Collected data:
::::
Lemma unitary_diag_map_eq n (S V : 'M[C]_n) (l s : 'rV[C]_n) (g : C -> C) :
  S \is unitarymx -> V \is unitarymx ->
  S^t* *m diag_mx l *m S = V^t* *m diag_mx s *m V ->
  S^t* *m diag_mx (map_mx g l) *m S = V^t* *m diag_mx (map_mx g s) *m V.
Proof.
move=> Su Vu E; pose T := S *m V^t*.
have Tu : T \is unitarymx by rewrite mul_unitarymx // trmxC_unitary.
have S_eq : S = T *m V by rewrite -mulmxA unitarymx_trmxC_mul // mulmx1.
have lT : diag_mx l *m T = T *m diag_mx s.
  have := congr1 (fun X => S *m X *m V^t*) E.
  rewrite !mulmxA unitarymx_mul_trmxC // mul1mx -!mulmxA unitarymx_mul_trmxC //.
  by rewrite mulmx1 !mulmxA.
clearbody T; rewrite S_eq trmxC_mul !mulmxA -(mulmxA _ _ T) (diag_mx_intertwine_map g lT).
by rewrite !mulmxA -(mulmxA _ _ T) unitarymx_trmxC_mul // mulmx1.
Qed.

End ConjugateTranspose.

Section HilbertSchmidt.
Variable C : numClosedFieldType.
Local Open Scope sesquilinear_scope.

Definition hsdot n (X Y : 'M[C]_n) := \tr (X *m Y^t*).

Lemma hsdotE n (X Y : 'M[C]_n) : hsdot X Y = dotmx (mxvec X) (mxvec Y).
Proof.
rewrite /hsdot dotmxE /mxtrace mxE (reindex _ (curry_mxvec_bij _ _)) /=.
rewrite (eq_bigr (fun p : 'I_n * 'I_n => X p.1 p.2 * (Y p.1 p.2)^*)); last first.
  by case=> i j _ /=; rewrite !mxE !mxvecE.
rewrite -(pair_bigA _ (fun i j => X i j * (Y i j)^*)) /=.
by apply: eq_bigr => i _; rewrite mxE; apply: eq_bigr => j _; rewrite !mxE.
Qed.

Lemma hsdot_ge0 n (X : 'M[C]_n) : 0 <= hsdot X X.
Proof. by rewrite hsdotE dnorm_ge0. Qed.

Lemma hsdot_CauchySchwarz n (X Y : 'M[C]_n) :
  `|hsdot X Y| ^+ 2 <= hsdot X X * hsdot Y Y.
Proof. by rewrite !hsdotE; exact: (CauchySchwarz (@dotmx C _) _ _).1. Qed.

Lemma hsdot_norm_le1 n (X Y : 'M[C]_n) :
  hsdot X X <= 1 -> hsdot Y Y <= 1 -> `|hsdot X Y| <= 1.
Proof.
move=> X_le1 Y_le1; rewrite -(expr_le1 (n := 2)) //.
exact: le_trans (hsdot_CauchySchwarz X Y) (mulr_ile1 (hsdot_ge0 X) (hsdot_ge0 Y) _ _).
Qed.

Lemma hsdot_mul_proj_le1 n (A G : 'M[C]_n) :
  A^t* = A -> G^t* = G -> G *m G = G -> \tr (A *m A) = 1 ->
  hsdot (A *m G) (A *m G) <= 1.
Proof.
move=> A_herm G_herm G_idem trAA.
have IG_herm : (1%:M - G)^t* = 1%:M - G by rewrite trmxCB trmxC1 G_herm.
have IG_idem : (1%:M - G) *m (1%:M - G) = 1%:M - G.
  by rewrite mulmxBl mul1mx mulmxBr mulmx1 G_idem subrr subr0.
have hsdot_AG : hsdot (A *m G) (A *m G) = \tr (A *m G *m A).
  by rewrite /hsdot trmxC_mul A_herm G_herm mulmxA -(mulmxA A) G_idem.
have hsdot_AIG : hsdot (A *m (1%:M - G)) (A *m (1%:M - G)) = 1 - \tr (A *m G *m A).
  rewrite /hsdot trmxC_mul A_herm IG_herm mulmxA -(mulmxA A) IG_idem.
  by rewrite mulmxBr mulmx1 mulmxBl raddfB /= trAA.
by rewrite hsdot_AG -subr_ge0 -hsdot_AIG hsdot_ge0.
Qed.

Lemma hsdot_partial_isometry_conj_le1 n (Z A : 'M[C]_n) :
  A^t* = A -> \tr (A *m A) = 1 ->
  (Z^t* *m Z) *m (Z^t* *m Z) = Z^t* *m Z ->
  hsdot (Z *m A *m Z^t*) (Z *m A *m Z^t*) <= 1.
Proof.
move=> A_herm trAA; set G := Z^t* *m Z => G_idem.
have G_herm : G^t* = G by rewrite trmxC_mul trmxCK.
have -> : hsdot (Z *m A *m Z^t*) (Z *m A *m Z^t*) = `|hsdot (A *m G) (G *m A)|.
  rewrite -[LHS]ger0_norm ?hsdot_ge0 //; congr `|_|.
  by rewrite /hsdot !trmxC_mul trmxCK A_herm /G -!mulmxA mxtrace_mulC !mulmxA.
clearbody G.
have AG_le1 : hsdot (A *m G) (A *m G) <= 1 by exact: hsdot_mul_proj_le1.
have GA_le1 : hsdot (G *m A) (G *m A) <= 1.
  suff -> : hsdot (G *m A) (G *m A) = hsdot (A *m G) (A *m G) by [].
  by rewrite /hsdot !trmxC_mul A_herm G_herm mxtrace_mulC.
exact: hsdot_norm_le1.
Qed.

Lemma trace_partial_isometry_sqr_le n (Z C1 C2 : 'M[C]_n) :
  C1^t* = C1 -> C2^t* = C2 ->
  \tr (C1 *m C1 *m (C1 *m C1)) = 1 -> \tr (C2 *m C2 *m (C2 *m C2)) = 1 ->
  (Z^t* *m Z) *m (Z^t* *m Z) = Z^t* *m Z ->
  `|\tr (Z *m (C1 *m C1) *m (C2 *m C2))| ^+ 2 <= \tr (C1 *m C1 *m (C2 *m C2)).
Proof.
move=> C1_herm C2_herm trA1 trA2 G_idem.
have A1_herm : (C1 *m C1)^t* = C1 *m C1 by rewrite trmxC_mul C1_herm.
have A2_herm : (C2 *m C2)^t* = C2 *m C2 by rewrite trmxC_mul C2_herm.
pose M1 := C2 *m Z *m C1; pose M2 := C2 *m C1.
have -> : \tr (Z *m (C1 *m C1) *m (C2 *m C2)) = hsdot M1 M2.
  by rewrite /hsdot trmxC_mul C1_herm C2_herm -!mulmxA [RHS]mxtrace_mulC !mulmxA.
have -> : \tr (C1 *m C1 *m (C2 *m C2)) = hsdot M2 M2.
  by rewrite /hsdot trmxC_mul C1_herm C2_herm -!mulmxA [RHS]mxtrace_mulC !mulmxA.
have M1_le1 : hsdot M1 M1 <= 1.
  have -> : hsdot M1 M1 = `|hsdot (Z *m (C1 *m C1) *m Z^t*) (C2 *m C2)|.
    rewrite -[LHS]ger0_norm ?hsdot_ge0 //; congr `|_|.
    by rewrite /hsdot !trmxC_mul C1_herm C2_herm -!mulmxA [LHS]mxtrace_mulC !mulmxA.
  apply: hsdot_norm_le1; first exact: hsdot_partial_isometry_conj_le1.
  by rewrite /hsdot A2_herm trA2.
exact: le_trans (hsdot_CauchySchwarz M1 M2) (ler_piMl (hsdot_ge0 _) M1_le1).
Qed.
Lemma proportional3_trans (K : fieldType) (x1 x2 x3 y1 y2 y3 d1 d2 d3 : K) :
  x2 != 0 -> ~~ [&& d1 == 0, d2 == 0 & d3 == 0] ->
  proportional3 x1 x2 x3 d1 d2 d3 -> proportional3 y1 y2 y3 d1 d2 d3 ->
  proportional3 x1 x2 x3 y1 y2 y3.
Proof.
move=> x2_neq0 d_neq0 [x12 x23 _] [y12 y23 _].
have d2_neq0 : d2 != 0.
  apply: contra d_neq0 => /eqP d2_0.
  move: x12 x23; rewrite d2_0 !mulr0 => /esym/eqP + /eqP.
  by rewrite !mulf_eq0 (negPf x2_neq0) /= => -> ->; rewrite eqxx.
have ex1 : x1 = x2 * d1 / d2 by rewrite -x12 mulfK.
have ex3 : x3 = x2 * d3 / d2 by rewrite x23 mulfK.
have ey1 : y1 = y2 * d1 / d2 by rewrite -y12 mulfK.
have ey3 : y3 = y2 * d3 / d2 by rewrite y23 mulfK.
by rewrite /proportional3 ex1 ex3 ey1 ey3; split; field.
Qed.

Section PlaneFigures.
Local Open Scope complex_scope.
Variable R : rcfType.

Definition wedge (p q : R[i]) : R :=
  complex.Re p * complex.Im q - complex.Im p * complex.Re q.

Lemma wedgexx p : wedge p p = 0.
Proof. by rewrite /wedge mulrC subrr. Qed.

Lemma wedgeC p q : wedge q p = - wedge p q.
Proof. by rewrite /wedge opprB [complex.Re q * _]mulrC [complex.Im q * _]mulrC. Qed.

Lemma wedge0l p : wedge 0 p = 0.
Proof. by rewrite /wedge /= !mul0r subrr. Qed.

Lemma wedge0r p : wedge p 0 = 0.
Proof. by rewrite /wedge /= !mulr0 subrr. Qed.

Lemma wedge_lincomb (c a1 a2 a3 : R[i]) (u v w : R) :
  wedge c (u%:C * a1 + v%:C * a2 + w%:C * a3)
  = u * wedge c a1 + v * wedge c a2 + w * wedge c a3.
Proof. by case: c a1 a2 a3 => [? ?] [? ?] [? ?] [? ?]; rewrite /wedge /=; ring. Qed.

Lemma wedge_relation (u v w : R) (a1 a2 a3 : R[i]) :
  u%:C * a1 + v%:C * a2 + w%:C * a3 = 0 ->
  proportional3 u v w (wedge a2 a3) (wedge a3 a1) (wedge a1 a2).
Proof.
move=> rel; have wrel c := congr1 (wedge c) rel.
move: (wrel a1) (wrel a2) (wrel a3).
rewrite !wedge_lincomb !wedgexx !wedge0r (wedgeC a1 a2) (wedgeC a2 a3) (wedgeC a1 a3).
by split; lra.
Qed.

Lemma Im_div (p q : R[i]) :
  complex.Im (p / q) = wedge q p / (complex.Re q ^+ 2 + complex.Im q ^+ 2).
Proof. by case: p q => [a b] [c d]; rewrite /wedge /=; ring. Qed.

Lemma parallelE (p q : R[i]) : parallel p q <-> wedge p q = 0.
Proof.
case: p q => [a b] [c d]; rewrite /parallel /wedge -complexIm /=.
split => [[] | h]; first by lra.
by apply/eqP; rewrite eq_complex /= eqxx andbT; apply/eqP; lra.
Qed.

Lemma parallel_scale (p : R[i]) (r : R) : parallel p (r%:C * p).
Proof. by rewrite parallelE; case: p => a b; rewrite /wedge /=; ring. Qed.

Lemma parallel_scaleP (p q : R[i]) : p != 0 ->
  parallel p q <-> exists r : R, q = r%:C * p.
Proof.
move=> p_neq0; split=> [|[r ->]]; last exact: parallel_scale.
rewrite parallelE; case: p q p_neq0 => [a b] [c d] p_neq0; rewrite /wedge /= => w0.
have n_neq0 : a ^+ 2 + b ^+ 2 != 0.
  by apply: contra p_neq0; rewrite paddr_eq0 ?sqr_ge0 // !sqrf_eq0 => /andP[/eqP-> /eqP->].
exists ((a * c + b * d) / (a ^+ 2 + b ^+ 2)).
apply/eqP; rewrite eq_complex /=; apply/andP; split; apply/eqP.
- apply: (mulIf n_neq0); rewrite mul0r subr0 mulrAC divfK //.
  by transitivity ((a * c + b * d) * a - b * (a * d - b * c)); [ring | rewrite w0 mulr0 subr0].
- apply: (mulIf n_neq0); rewrite mul0r addr0 mulrAC divfK //.
  by transitivity ((a * c + b * d) * b + a * (a * d - b * c)); [ring | rewrite w0 mulr0 addr0].
Qed.

Lemma neq_scale (x y z : R[i]) (r : R) : x - y = r%:C * z ->
  (x != y) = (r != 0) && (z != 0).
Proof. by move=> e; rewrite -subr_eq0 e mulf_eq0 fmorph_eq0 negb_or. Qed.

Definition collinear (P1 P2 P3 : R[i]) : bool := wedge (P2 - P1) (P3 - P1) == 0.
Theorem proposition2p3 (k : fieldType) (H : algType k)
  (Delta : H -> seq (H * H)%type) (eps : H -> k) (phi phiinv : seq (H * H * H)%type)
  (S : H -> H) (alpha beta : H) (K : pred H) :
  quasi_hopf Delta eps phi phiinv S alpha beta ->
  subquasibialgebra Delta phi K ->
  finite_dim K ->
  in_tensor2 K [seq (S p.1.1 * alpha * p.1.2, p.2) | p <- phiinv] ->
  [/\ alpha \in K, beta \in K & forall x : H, x \in K -> S x \in K].
Proof.
move=> [QB QA] [K1 K_lincomb KM K_Delta _] [s [sK s_span]] K_qL.
have [n [w [g [ws gw g_coord]]]] := dual_basis s.
have wK i : w i \in K by apply/sK/ws.
have g_coordK y : y \in K -> y = \sum_i g i y *: w i.
  by move=> /s_span [c ->]; apply/g_coord/span_lincomb.
split.
- exact (alpha_in_K QB QA K1 K_lincomb K_qL).
- exact (beta_in_K QB QA K1 K_lincomb KM K_Delta K_qL wK gw g_coordK).
- exact (S_in_K QB QA K1 K_lincomb KM K_Delta K_qL wK gw g_coordK).
Qed.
::::
### WHAT TO WORK ON
In the records above, the line with "X * hsdot Y Y." marks the start and the line with "rewrite /hsdot trmxC_mul A_herm IG_herm" marks the end; copy that stretch exactly, both lines included, and nothing else.

### SOLUTION TO THE EXERCISE
  `|hsdot X Y| ^+ 2 <= hsdot X X * hsdot Y Y.
Proof. by rewrite !hsdotE; exact: (CauchySchwarz (@dotmx C _) _ _).1. Qed.

Lemma hsdot_norm_le1 n (X Y : 'M[C]_n) :
  hsdot X X <= 1 -> hsdot Y Y <= 1 -> `|hsdot X Y| <= 1.
Proof.
move=> X_le1 Y_le1; rewrite -(expr_le1 (n := 2)) //.
exact: le_trans (hsdot_CauchySchwarz X Y) (mulr_ile1 (hsdot_ge0 X) (hsdot_ge0 Y) _ _).
Qed.

Lemma hsdot_mul_proj_le1 n (A G : 'M[C]_n) :
  A^t* = A -> G^t* = G -> G *m G = G -> \tr (A *m A) = 1 ->
  hsdot (A *m G) (A *m G) <= 1.
Proof.
move=> A_herm G_herm G_idem trAA.
have IG_herm : (1%:M - G)^t* = 1%:M - G by rewrite trmxCB trmxC1 G_herm.
have IG_idem : (1%:M - G) *m (1%:M - G) = 1%:M - G.
  by rewrite mulmxBl mul1mx mulmxBr mulmx1 G_idem subrr subr0.
have hsdot_AG : hsdot (A *m G) (A *m G) = \tr (A *m G *m A).
  by rewrite /hsdot trmxC_mul A_herm G_herm mulmxA -(mulmxA A) G_idem.
have hsdot_AIG : hsdot (A *m (1%:M - G)) (A *m (1%:M - G)) = 1 - \tr (A *m G *m A).
  rewrite /hsdot trmxC_mul A_herm IG_herm mulmxA -(mulmxA A) IG_idem.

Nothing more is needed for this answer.